In the entries below, which lines run from the one containing "by rewrite sumr_ge0 //" to the one containing "Definition eps_bounded (R"? Copy exactly those lines, ends included, and no others.

_Data_.
==*==
(* Let $(D,S,B)$ be a datum. Then the space $\mathrm{Spc}(D,S)$, together with the map $\mathrm{Supp}\colon \mathrm{Ob}(D)\to 2^{\mathrm{Spc}(D,S)}$, $a\mapsto \{P\in \mathrm{Spc}(D,S)\mid a\notin P\}$, is the universal support datum of $(D,S)$: for every support datum $(Y,\mathrm{Supp}_Y)$ of $(D,S)$ there exists a unique map of support data $\mathrm{Spc}(D,S)\to Y$.
   Context: $\mathrm{Cat}_\infty^{\mathrm{perf}}$ denotes the $\infty$-category of small idempotent-complete stable $\infty$-categories (with its standard symmetric monoidal structure). A datum $(D,S,B)$ consists of algebra objects $B,S$ of $\mathrm{Cat}_\infty^{\mathrm{perf}}$, a homomorphism $B\to S$, and a left $S$-module $D$ in $\mathrm{Cat}_\infty^{\mathrm{perf}}$; the action is written $s\otimes a$. An $S$-submodule of $D$ is a thick subcategory $I\subset D$ with $s\otimes a\in I$ for all $s\in S$, $a\in I$. An $S$-submodule $P$ is prime if for every family $\{I_i\}$ of $S$-submodules each strictly containing $P$, the intersection $\bigcap_i I_i$ strictly contains $P$. $\mathrm{Spc}(D,S)$ is the set of prime $S$-submodules, with the coarsest topology in which every set $\mathrm{Supp}(a)=\{P\mid a\notin P\}$ ($a\in D$) is closed. A support datum of $(D,S)$ is a $T_0$ topological space $X$ with a map $\mathrm{Supp}\colon\mathrm{Ob}(D)\to 2^X$ such that: (1) $\mathrm{Supp}(a)=\mathrm{Supp}(a[1])$; (2) $\mathrm{Supp}(s\otimes a)\subset\mathrm{Supp}(a)$ for $s\in S,a\in D$; (3) $\mathrm{Supp}(a\oplus b)=\mathrm{Supp}(a)\cup\mathrm{Supp}(b)$; (4) $\mathrm{Supp}(b)\subset\mathrm{Supp}(a)\cup\mathrm{Supp}(c)$ for every exact triangle $a\to b\to c$; (5) for distinct $S$-submodules $I\neq J$ of $D$, $\bigcup_{a\in I}\mathrm{Supp}(a)\neq\bigcup_{b\in J}\mathrm{Supp}(b)$; (6) the topology of $X$ is the coarsest one in which all $\mathrm{Supp}(a)$, $a\in D$, are closed. A map of support data $X\to Y$ is a continuous map $f$ with $f^{-1}(\mathrm{Supp}_Y(a))=\mathrm{Supp}_X(a)$ for all $a\in D$. *)

(** The object-level data of a datum (D,S,B).  [Ob] is the set of isomorphism
    classes of objects of the idempotent-complete stable oo-category D, with its
    triangulated structure on objects: zero object, suspension [shift] (a bijection
    on iso classes with inverse [unshift]), direct sum, and the relation
    [tri a b c] := "there is an exact (cofiber) triangle a -> b -> c -> a[1]".
    [SOb]/[BOb] are the objects of the algebras S and B, [hom] the object part of
    B -> S, and [act s a] = s (x) a. The recorded axioms hold in every stable
    oo-category (rotation axiom TR2, TR1, split triangles). *)
Record Datum := {
  Ob : Type;
  SOb : Type;
  BOb : Type;
  hom : BOb -> SOb;
  zero : Ob;
  shift : Ob -> Ob;
  unshift : Ob -> Ob;
  oplus : Ob -> Ob -> Ob;
  act : SOb -> Ob -> Ob;
  tri : Ob -> Ob -> Ob -> Prop;
  shiftK : forall a, unshift (shift a) = a;
  unshiftK : forall a, shift (unshift a) = a;
  tri_id : forall a, tri a a zero;
  tri_split : forall a b, tri a (oplus a b) b;
  tri_rot : forall a b c, tri a b c -> tri b c (shift a);
  tri_rotinv : forall a b c, tri a b c -> tri (unshift c) a b
}.

Section Defs.
Variable D : Datum.

Definition thick (I : Ob D -> Prop) : Prop :=
  I (zero D) /\
  (forall a, I a -> I (shift D a)) /\
  (forall a, I a -> I (unshift D a)) /\
  (forall a b c, tri D a b c ->
     (I a -> I b -> I c) /\ (I b -> I c -> I a) /\ (I a -> I c -> I b)) /\
  (forall a b, I (oplus D a b) -> I a /\ I b).

Definition submodule (I : Ob D -> Prop) : Prop :=
  thick I /\ (forall (s : SOb D) a, I a -> I (act D s a)).

Definition strictly_contains (J P : Ob D -> Prop) : Prop :=
  (forall a, P a -> J a) /\ exists a, J a /\ ~ P a.

Definition prime (P : Ob D -> Prop) : Prop :=
  submodule P /\
  forall Fam : (Ob D -> Prop) -> Prop,
    (forall I, Fam I -> submodule I /\ strictly_contains I P) ->
    strictly_contains (fun a => forall I, Fam I -> I a) P.

Definition Spc : Type := { P : Ob D -> Prop | prime P }.

Definition SuppSpc (a : Ob D) (P : Spc) : Prop := ~ proj1_sig P a.

End Defs.

Definition is_topology {X : Type} (O : (X -> Prop) -> Prop) : Prop :=
  O (fun _ => True) /\
  (forall F : (X -> Prop) -> Prop, (forall U, F U -> O U) ->
      O (fun x => exists U, F U /\ U x)) /\
  (forall U V, O U -> O V -> O (fun x => U x /\ V x)).

(** open sets of the coarsest topology in which all [C a] are closed *)
Definition coarsest_closing {X A : Type} (C : A -> X -> Prop) (U : X -> Prop) : Prop :=
  forall O : (X -> Prop) -> Prop, is_topology O ->
    (forall a, O (fun x => ~ C a x)) -> O U.

Definition T0 {X : Type} (O : (X -> Prop) -> Prop) : Prop :=
  forall x y : X, x <> y -> exists U, O U /\ ~ (U x <-> U y).

Definition continuous {X Y : Type} (OX : (X -> Prop) -> Prop)
  (OY : (Y -> Prop) -> Prop) (f : X -> Y) : Prop :=
  forall U, OY U -> OX (fun x => U (f x)).

Definition OSpc (D : Datum) : (Spc D -> Prop) -> Prop :=
  coarsest_closing (@SuppSpc D).
Lemma path_weight_sum1 pi n p : (forall i, \sum_(b : bool) pi i b = 1) ->
  \sum_(s <- paths n) path_weight pi p s = 1.
Proof.
move=> pi_sum1; elim: n p => [|n IH] p; first by rewrite big_seq1.
rewrite big_paths_succ -(A_distr (coin_history p)).2; apply: eq_bigr => i _.
rewrite -[RHS]mulr1 -(pi_sum1 i) mulr_sumr; apply: eq_bigr => b _ /=.
by rewrite -mulr_sumr IH mulr1.
Qed.

Lemma path_weight_ratio pi pi' (rho : 'I_K * bool -> R) p s :
  (forall i b, pi' i b = pi i b * rho (i, b)) ->
  path_weight pi' p s = path_weight pi p s * \prod_(c <- s) rho c.
Proof.
move=> pi'E; elim: s p => [|[i b] s IH] p /=; first by rewrite big_nil mulr1.
by rewrite IH big_cons pi'E; ring.
Qed.

Lemma coin_valueE pi f n p : (forall i, \sum_(b : bool) pi i b = 1) ->
  coin_value pi f n p = \sum_(s <- paths n) path_weight pi p s * path_sum f s.
Proof.
move=> pi_sum1; elim: n p => [|n IH] p; first by rewrite big_seq1 /path_sum big_nil mulr0.
rewrite big_paths_succ /=; apply: eq_bigr => i _.
rewrite mulr_sumr; apply: eq_bigr => b _ /=.
set q := rcons p (i, b).
have -> : \sum_(s <- paths n) A (coin_history p) i * pi i b * path_weight pi q s *
    path_sum f ((i, b) :: s) = A (coin_history p) i * pi i b *
    (f i b * \sum_(s <- paths n) path_weight pi q s +
     \sum_(s <- paths n) path_weight pi q s * path_sum f s).
  rewrite mulr_sumr -big_split mulr_sumr; apply: eq_bigr => s _ /=.
  by rewrite /path_sum big_cons /=; ring.
by rewrite path_weight_sum1 // mulr1 -IH mulrA.
Qed.

Lemma coin_value_sum (J : finType) pi (F : J -> 'I_K -> bool -> R) n p :
  (forall i, \sum_(b : bool) pi i b = 1) ->
  coin_value pi (fun i b => \sum_j F j i b) n p = \sum_j coin_value pi (F j) n p.
Proof.
move=> pi_sum1; rewrite coin_valueE //.
under [RHS]eq_bigr => j _ do rewrite coin_valueE //.
rewrite exchange_big; apply: eq_bigr => s _.
by rewrite /path_sum exchange_big mulr_sumr.
Qed.

Lemma coin_value_cst pi c n p : (forall i, \sum_(b : bool) pi i b = 1) ->
  coin_value pi (fun _ _ => c) n p = n%:R * c.
Proof.
move=> pi_sum1; rewrite coin_valueE // big_seq.
rewrite (eq_bigr (fun s => path_weight pi p s * (n%:R * c))) => [|s /size_paths <-].
  by rewrite -big_seq -mulr_suml path_weight_sum1 // mul1r.
by rewrite /path_sum big_const_seq count_predT -Monoid.iteropE /= mulr_natl.
Qed.

Lemma coin_value_ge0 pi f n p :
  (forall i b, 0 <= pi i b) -> (forall i, \sum_(b : bool) pi i b = 1) ->
  (forall i b, 0 <= f i b) -> 0 <= coin_value pi f n p.
Proof.
move=> pi_ge0 pi_sum1 f_ge0; rewrite coin_valueE //.
by rewrite sumr_ge0 // => s _; rewrite mulr_ge0 ?path_weight_ge0 ?sumr_ge0.
Qed.

Lemma coin_value_change pi pi' (rho : 'I_K * bool -> R) f n p lam :
  (forall i b, 0 <= pi i b) -> (forall i, \sum_(b : bool) pi i b = 1) ->
  (forall i, \sum_(b : bool) pi' i b = 1) ->
  (forall c, 0 < rho c) -> (forall i b, pi' i b = pi i b * rho (i, b)) ->
  (forall i b, 0 <= f i b <= 1) -> 0 < lam ->
  coin_value pi' f n p - coin_value pi f n p <=
  n%:R / 2 * (lam * coin_value pi (fun i b => - ln (rho (i, b))) n p + 4 / lam).
Proof.
move=> pi_ge0 pi_sum1 pi'_sum1 rho_gt0 pi'E f_bd lam_gt0; rewrite !coin_valueE //.
have prod_gt0 s : 0 < \prod_(c <- s) rho c by rewrite prodr_gt0.
have path_sum_bd : {in paths n, forall s, 0 <= path_sum f s <= n%:R}.
  move=> s /size_paths <-; rewrite -sum1_size natr_sum.
  by rewrite sumr_ge0 ?ler_sum // => c _; case/andP: (f_bd c.1 c.2).
have Wrho_sum1 : \sum_(s <- paths n) path_weight pi p s * \prod_(c <- s) rho c = 1.
  rewrite -[RHS](path_weight_sum1 n p pi'_sum1); apply: eq_bigr => s _.
  by rewrite (path_weight_ratio _ _ pi'E).
rewrite (eq_bigr (fun s => path_weight pi p s * \prod_(c <- s) rho c * path_sum f s));
  last by move=> s _; rewrite (path_weight_ratio _ _ pi'E).
have -> : \sum_(s <- paths n) path_weight pi p s * path_sum (fun i b => - ln (rho (i, b))) s
    = \sum_(s <- paths n) path_weight pi p s * - ln (\prod_(c <- s) rho c).
  apply: eq_bigr => s _; rewrite ln_prod // /path_sum -sumrN.
  by congr (_ * _); apply: eq_bigr => -[i b].
have change := change_of_measure_le (fun s => path_weight_ge0 p s pi_ge0) prod_gt0
  (path_weight_sum1 n p pi_sum1) Wrho_sum1 path_sum_bd lam_gt0.
exact: change.
Qed.

End Paths.
End CoinBandit.

Definition eps_bounded (R : realType) K (eps : 'I_K -> R) (l : loss_assignment R K) :=
  forall t j, `|l t j| <= eps j.

Lemma eps_bounded_set_round (R : realType) K (eps : 'I_K -> R) l t x :
  eps_bounded eps l -> (forall i, `|x i| <= eps i) -> eps_bounded eps (set_round l t x).
Proof. by move=> l_bd x_bd s i; rewrite /set_round; case: (s == t). Qed.

Section FairCoin.
Variable R : realType.

Definition fair (b : bool) : R := 1 / 2.

Lemma fair_ge0 b : 0 <= fair b.
Proof. by rewrite divr_ge0. Qed.

Lemma fair_sum1 : \sum_b fair b = 1.
Proof. by rewrite big_bool /= /fair; field. Qed.

End FairCoin.
Arguments fair {R} b.
(* For every $k\ge1$, $|G_k|=|B_k|/2$.
   Context: Let $C_2=\{e,\sigma\}$ with $\sigma=(1,2)$. Define $B_1=C_2$ and $B_k=B_{k-1}\wr C_2$ for $k>1$, with elements written as wreath recursions $(g_1,g_2)\pi$, $g_1,g_2\in B_{k-1}$, $\pi\in C_2$, and multiplication $(g_1,g_2)\pi\cdot(h_1,h_2)\rho=(g_1h_{\pi(1)},g_2h_{\pi(2)})\pi\rho$. Define $G_1=\{e\}$ and, for $k>1$, $G_k=\{(g_1,g_2)\pi\in B_k : g_1g_2\in G_{k-1}\}$. *)

From mathcomp Require Import all_boot all_fingroup.
Set Implicit Arguments. Unset Strict Implicit. Unset Printing Implicit Defensive.

(* C_2 = 'S_2, the symmetric group on {1,2} (here 'I_2 = {0,1}, point 1 <-> ord0,
   point 2 <-> ord_max).  BT k is the carrier of B_(k+1):
   BT 0 = C_2 = B_1, BT (k+1) = BT k * BT k * C_2, the triple (g1, g2, pi)
   standing for the wreath recursion (g1, g2) pi. *)
Fixpoint BT (k : nat) : finType :=
  if k is k'.+1 then ((BT k' * BT k') * 'S_2)%type : finType else 'S_2 : finType.

Definition pick_at {T : Type} (pi : 'S_2) (i : 'I_2) (h1 h2 : T) : T :=
  if pi i == ord0 then h1 else h2.

(* (g1,g2)pi * (h1,h2)rho = (g1 h_{pi(1)}, g2 h_{pi(2)}) pi rho *)
Fixpoint bmul (k : nat) : BT k -> BT k -> BT k :=
  match k return BT k -> BT k -> BT k with
  | 0 => fun x y => (x * y)%g
  | k'.+1 => fun x y =>
      let: (g1, g2, pi) := x in
      let: (h1, h2, rho) := y in
      (bmul (g1) (pick_at pi ord0 h1 h2),
       bmul (g2) (pick_at pi ord_max h1 h2),
       (pi * rho)%g)
  end.

Fixpoint bone (k : nat) : BT k :=
  match k return BT k with
  | 0 => 1%g
  | k'.+1 => (bone k', bone k', 1%g)
  end.

(* membership in G_(k+1): G_1 = {e}, G_k = {(g1,g2)pi | g1 g2 \in G_(k-1)} *)
Fixpoint inG (k : nat) : BT k -> bool :=
  match k return BT k -> bool with
  | 0 => fun x => x == 1%g
  | k'.+1 => fun x => let: (g1, g2, _) := x in inG (bmul g1 g2)
  end.

Definition B (k : nat) : finType := BT k.-1.
Definition G (k : nat) : {set B k} := [set x : B k | inG (x : BT k.-1)].

From mathcomp Require Import all_boot all_fingroup.

(* The shear (g1, g2, pi) |-> (g1, g1 g2, pi) of B_(k+1) is injective, since
   left multiplication in B_k is cancellative, and it maps G_(k+1) exactly
   onto B_k x G_k x C_2.  Hence |G_(k+1)| = |B_k| |G_k| 2, and the ratio
   |G|/|B| = 1/2 propagates by induction from G_1 = {e} inside B_1 = C_2. *)

Lemma perm2_ord0_eq0 (pi : 'S_2) : (pi ord0 == ord0) = (pi ord_max != ord0).
Proof.
have : pi ord0 != pi ord_max by rewrite (inj_eq perm_inj).
by case: (pi ord0) => [[|[|a]] ?]; case: (pi ord_max) => [[|[|b]] ?].
Qed.

Lemma bmulI (n : nat) (g : BT n) : injective (bmul g).
Proof.
elim: n g => [g|n IH [[g1 g2] pi]]; first exact: mulgI.
move=> [[h1 h2] rho] [[h1' h2'] rho'] /= [/IH e1 /IH e2 /mulgI ->].
by move: e1 e2; rewrite /pick_at perm2_ord0_eq0; case: eqP => _ /= -> ->.
Qed.

Definition shear {n : nat} (x : BT n.+1) : BT n.+1 :=
  let: (g1, g2, pi) := x in (g1, bmul g1 g2, pi).

Lemma shear_inj (n : nat) : injective (@shear n).
Proof. by move=> [[a1 a2] p] [[b1 b2] q] [<- /bmulI -> <-]. Qed.

Lemma inG_shear_preim (n : nat) :
  [set x : BT n.+1 | inG x] =
    shear @^-1: setX (setX [set: BT n] [set y : BT n | inG y]) [set: 'S_2].
Proof. by apply/setP => [[[g1 g2] pi]]; rewrite !inE andbT. Qed.

Lemma card_inG (n : nat) : #|[set x : BT n | inG x]| * 2 = #|BT n|.
Proof.
elim: n => [|n IH].
  have -> : [set x : BT 0 | inG x] = [set 1%g : 'S_2].
    by apply/setP => x; rewrite !inE.
  by rewrite cards1 card_Sn.
rewrite inG_shear_preim card_preimset; last exact: shear_inj.
rewrite !cardsX !cardsT.
change #|BT n.+1| with #|{: (BT n * BT n) * 'S_2}|.
by rewrite !card_prod -{3}IH mulnA mulnAC.
Qed.

Theorem mainTheorem11 : forall k : nat, 1 <= k -> #|G k| * 2 = #|B k|.
Proof. by case=> // n _; exact: card_inG. Qed.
==*==
_Response_.
by rewrite sumr_ge0 // => s _; rewrite mulr_ge0 ?path_weight_ge0 ?sumr_ge0.
Qed.

Lemma coin_value_change pi pi' (rho : 'I_K * bool -> R) f n p lam :
  (forall i b, 0 <= pi i b) -> (forall i, \sum_(b : bool) pi i b = 1) ->
  (forall i, \sum_(b : bool) pi' i b = 1) ->
  (forall c, 0 < rho c) -> (forall i b, pi' i b = pi i b * rho (i, b)) ->
  (forall i b, 0 <= f i b <= 1) -> 0 < lam ->
  coin_value pi' f n p - coin_value pi f n p <=
  n%:R / 2 * (lam * coin_value pi (fun i b => - ln (rho (i, b))) n p + 4 / lam).
Proof.
move=> pi_ge0 pi_sum1 pi'_sum1 rho_gt0 pi'E f_bd lam_gt0; rewrite !coin_valueE //.
have prod_gt0 s : 0 < \prod_(c <- s) rho c by rewrite prodr_gt0.
have path_sum_bd : {in paths n, forall s, 0 <= path_sum f s <= n%:R}.
  move=> s /size_paths <-; rewrite -sum1_size natr_sum.
  by rewrite sumr_ge0 ?ler_sum // => c _; case/andP: (f_bd c.1 c.2).
have Wrho_sum1 : \sum_(s <- paths n) path_weight pi p s * \prod_(c <- s) rho c = 1.
  rewrite -[RHS](path_weight_sum1 n p pi'_sum1); apply: eq_bigr => s _.
  by rewrite (path_weight_ratio _ _ pi'E).
rewrite (eq_bigr (fun s => path_weight pi p s * \prod_(c <- s) rho c * path_sum f s));
  last by move=> s _; rewrite (path_weight_ratio _ _ pi'E).
have -> : \sum_(s <- paths n) path_weight pi p s * path_sum (fun i b => - ln (rho (i, b))) s
    = \sum_(s <- paths n) path_weight pi p s * - ln (\prod_(c <- s) rho c).
  apply: eq_bigr => s _; rewrite ln_prod // /path_sum -sumrN.
  by congr (_ * _); apply: eq_bigr => -[i b].
have change := change_of_measure_le (fun s => path_weight_ge0 p s pi_ge0) prod_gt0
  (path_weight_sum1 n p pi_sum1) Wrho_sum1 path_sum_bd lam_gt0.
exact: change.
Qed.

End Paths.
End CoinBandit.

Definition eps_bounded (R : realType) K (eps : 'I_K -> R) (l : loss_assignment R K) :=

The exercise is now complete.